Updated: Jan 11
Who would have thought that a 59-cent Mattel Hot Wheels Redline diecast toy car could be worth thousands of dollars, but today they are quite the craze.
Of course, it's the rare, promotional, or highly sought-out versions that command the highest dollars, but just recently this market has really heated up. If you have some late '60s or early '70s Mattel toys that are still in their original packages, have someone check them out as the proverbial ‘Iron is Hot.’
A great local example came to us by way of our most recent appraisal fair. A couple of guys came in with the classic Mattel Hot Wheels car case that all of us boys had when we were kids. Inside was a great little collection of these toy cars.

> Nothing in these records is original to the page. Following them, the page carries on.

Let size_sqr_lt : (size (B ^+ 2)%R < size ((- 4%:R)%:P * (A * C))%R)%N.
Proof. by rewrite size_Cmul ?oppr_eq0 //; apply: size_sqr_lt_mul. Qed.

Lemma size_qdisc : size (qdisc A B C) = size (A * C).
Proof. by rewrite qdisc_split addrC size_polyDl // size_Cmul ?oppr_eq0. Qed.

Lemma lead_coef_qdisc : lead_coef (qdisc A B C) = - (4%:R * lead_coef A * lead_coef C).
Proof. by rewrite qdisc_split addrC lead_coefDl // !lead_coefM lead_coefC mulNr mulrA. Qed.

Hypothesis AC_imag_or_unusual : imaginary (qdisc A B C) \/ unusual (qdisc A B C).

Lemma lead_coef_add_sqr_neq0 x y : x != 0 -> y != 0 ->
  size (A * x ^+ 2) = size (C * y ^+ 2) ->
  lead_coef (A * x ^+ 2) + lead_coef (C * y ^+ 2) != 0.
Proof.
move=> x0 y0 eq_size.
have even_AC := deg_mul_even_of_size_eq A_neq0 C_neq0 x0 y0 eq_size.
case: AC_imag_or_unusual => [[_]|[_ [_ nonsquare]]].
  by rewrite size_qdisc (negbTE even_AC).
apply/eqP => cancel; apply: nonsquare.
exists (2%:R * lead_coef C * lead_coef y / lead_coef x).
rewrite [lead_coef (A * _)]lead_coefM [lead_coef (C * _)]lead_coefM !lead_coef_exp in cancel.
by rewrite lead_coef_qdisc (opp4_mul_eq_sqr _ cancel) // lead_coef_eq0.
Qed.

Lemma size_add_sqr x y :
  size (A * x ^+ 2 + C * y ^+ 2) = maxn (size (A * x ^+ 2)) (size (C * y ^+ 2)).
Proof.
have [->|x0] := eqVneq x 0; first by rewrite expr0n mulr0 add0r size_poly0 max0n.
have [->|y0] := eqVneq y 0; first by rewrite expr0n mulr0 addr0 size_poly0 maxn0.
case: (ltngtP (size (A * x ^+ 2)) (size (C * y ^+ 2))) => [lt|gt|eq].
- by rewrite addrC size_polyDl // (maxn_idPr (ltnW lt)).
- by rewrite size_polyDl // (maxn_idPl (ltnW gt)).
- by rewrite size_addr_eq ?lead_coef_add_sqr_neq0 // eq maxnn.
Qed.

Lemma size_qform_eval x y :
  size (qform_eval A B C x y) = maxn (size (A * x ^+ 2)) (size (C * y ^+ 2)).
Proof.
rewrite /qform_eval -addrA (addrC (B * x * y)) addrA.
have [->|Bxy0] := eqVneq (B * x * y) 0; first by rewrite addr0 size_add_sqr.
by rewrite size_polyDl size_add_sqr // size_mul_lt_max.
Qed.

End PartiallyReducedShape.
End QuadraticForms.

Section Hessian.
Variable F : finFieldType.
Variables a b c d : {poly F}.
Local Notation hP := (hessP a b c d).
Local Notation hQ := (hessQ a b c d).
Local Notation hR := (hessR a b c d).

Lemma qform_eval_hess_b : qform_eval hP hQ hR b (- (3%:R * a)) = hP ^+ 2.
Proof. by rewrite /qform_eval /hessP /hessQ /hessR; ring. Qed.

Lemma qform_eval_hess_d : qform_eval hP hQ hR (3%:R * d) (- c) = hR ^+ 2.
Proof. by rewrite /qform_eval /hessP /hessQ /hessR; ring. Qed.

Lemma qdisc_hess : qdisc hP hQ hR = - 3%:R * disc a b c d.
Proof. by rewrite /qdisc /disc /hessP /hessQ /hessR; ring. Qed.

Hypotheses (two_neq0 : 2%:R != 0 :> F) (three_neq0 : 3%:R != 0 :> F).
Hypotheses (QP : (size hQ < size hP)%N) (PR : (size hP <= size hR)%N).

Lemma absv_disc : absv (disc a b c d) = (absv hP * absv hR)%N.
Proof.
have minus3_neq0 : - 3%:R != 0 :> F by rewrite oppr_eq0.
rewrite -absvM -(absvCM _ minus3_neq0) polyCN polyC_natr -qdisc_hess.
by apply: eq_absv; rewrite size_qdisc.
Qed.

Hypothesis hess_imag_or_unusual : imaginary (qdisc hP hQ hR) \/ unusual (qdisc hP hQ hR).

Lemma absv_hess_bounds :
  [/\ (absv hR * absv a ^ 2 <= absv hP ^ 2)%N, (absv hP * absv b ^ 2 <= absv hP ^ 2)%N,
      (absv hP * absv d ^ 2 <= absv hR ^ 2)%N & (absv hR * absv c ^ 2 <= absv hR ^ 2)%N].
Proof.
have size_b := size_qform_eval two_neq0 QP PR hess_imag_or_unusual b (- (3%:R * a)).
have size_d := size_qform_eval two_neq0 QP PR hess_imag_or_unusual (3%:R * d) (- c).
rewrite qform_eval_hess_b in size_b; rewrite qform_eval_hess_d in size_d.
have absv_3a : absv (- (3%:R * a)) = absv a.
  by rewrite -mulNr -polyC_natr -polyCN absvCM // oppr_eq0.
have absv_3d : absv (3%:R * d) = absv d by rewrite -polyC_natr absvCM.
have absv_c : absv (- c) = absv c by apply: eq_absv; rewrite size_polyN.
rewrite -absv_3a -absv_3d -absv_c -!absvX -!absvM !leq_absv size_b size_d.
by rewrite leq_maxl leq_maxr leq_maxl leq_maxr.
Qed.

End Hessian.

Section NatBounds.
Local Open Scope nat_scope.

Lemma coef_bounds_of_value_bounds (p r A B C D : nat) : 0 < p -> p <= r ->
  r * A ^ 2 <= p ^ 2 -> p * B ^ 2 <= p ^ 2 ->
  p * D ^ 2 <= r ^ 2 -> r * C ^ 2 <= r ^ 2 ->
  [/\ A ^ 4 <= p * r, B ^ 4 <= p * r, (B * C) ^ 2 <= p * r
    & (A * D) ^ 2 <= p * r].
Proof.
move=> p0 pr hA hB hD hC; have r0 : 0 < r by apply: leq_trans pr.
have {}hB : B ^ 2 <= p by rewrite -(leq_pmul2l p0) mulnn.
have {}hC : C ^ 2 <= r by rewrite -(leq_pmul2l r0) mulnn.
have sqr4 n : n ^ 4 = (n ^ 2) ^ 2 by rewrite -expnM.
split.
- have r2 : 0 < r ^ 2 by rewrite expn_gt0 r0.
  rewrite -(leq_pmul2l r2) sqr4 -expnMn (leq_trans (_ : _ <= (p ^ 2) ^ 2)) ?leq_exp2r //.
  by rewrite -sqr4 (expnS p 3) mulnCA -expnSr leq_mul // leq_exp2r.
- by rewrite sqr4 (leq_trans (leq_mul hB hB)) // mulnn leq_mul.
- by rewrite expnMn leq_mul.
- have pr0 : 0 < p * r by rewrite muln_gt0 p0.
  rewrite -(leq_pmul2l pr0) [p * r]mulnC expnMn mulnACA (leq_trans (leq_mul hA hD)) //.
  by rewrite mulnACA !mulnn mulnC.
Qed.

End NatBounds.

Theorem mainTheorem10 (F : finFieldType) (h : F) (a b c d : {poly F}) :
  coprime #|F| 6 ->
  (#|F|.-1).-primitive_root h ->
  (sgn (- 3%:R * disc a b c d) = 1 \/ sgn (- 3%:R * disc a b c d) = h) ->
  primitive_form a b c d ->
  irreducible_form a b c d ->
  creduced h a b c d ->
  (imaginary (qdisc (hessP a b c d) (hessQ a b c d) (hessR a b c d)) \/
   unusual (qdisc (hessP a b c d) (hessQ a b c d) (hessR a b c d))) ->
  [/\ (absv a ^ 4 <= absv (disc a b c d))%N,
      (absv b ^ 4 <= absv (disc a b c d))%N,
      (absv (b * c) ^ 2 <= absv (disc a b c d))%N &
      (absv (a * d) ^ 2 <= absv (disc a b c d))%N].
Proof.
move=> cop6 _ _ _ _ [hred _] hD; move: hred; rewrite /cubic_cond /hess /=.
case=> [[[QP PR _ _ _] _] _].
have P_gt0 : (0 < absv (hessP a b c d))%N by apply: leq_ltn_trans QP.
move: cop6; rewrite (coprimeMr _ 2 3) => /andP[cop2 cop3].
have two_neq0 := natr_neq0_coprime (isT : prime 2) cop2.
have three_neq0 := natr_neq0_coprime (isT : prime 3) cop3.
rewrite ltn_absv in QP; rewrite leq_absv in PR.
have [Ba Bb Bd Bc] := absv_hess_bounds two_neq0 three_neq0 QP PR hD.
rewrite absv_disc // !absvM.
by apply: coef_bounds_of_value_bounds; rewrite // leq_absv.
Qed.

Upon initial inspection, we knew they were quite good, and they were still in excellent condition. This collection was well kept and we learned that as boys, they were not allowed to play with these particular cars.
Their grandfather was an electrician that did some work at Mattel in California and had acquired the cars before they were thrown away as errors, unpainted and test-painted cars. Thank goodness someone in the family had the foresight to put them away.
Here's the tale of the tape. The collection of cars realized more than $24,000 at auction. Much better than our initial $3,000 to $5,000 estimate for the collection. The unpainted examples stole the show. Meaning, that Mattel never painted the cars as errors or blanks. The 1967 Camaro brought $2,750. The Custom VW was the star at $4,250 and the Camaro that was in an unreleased color soared to $3,250.
These prices would sound crazy to some folks but when I tell you the 1969 Prototype Beach Bomb VW Van sold recently for $72,000, you can see, these things are pretty hot and in demand. Like new and in the package are commanding amazing prices as well. It's not just the prototypes. Even loose, played with cars can fetch hundreds if you have the right colors or right models.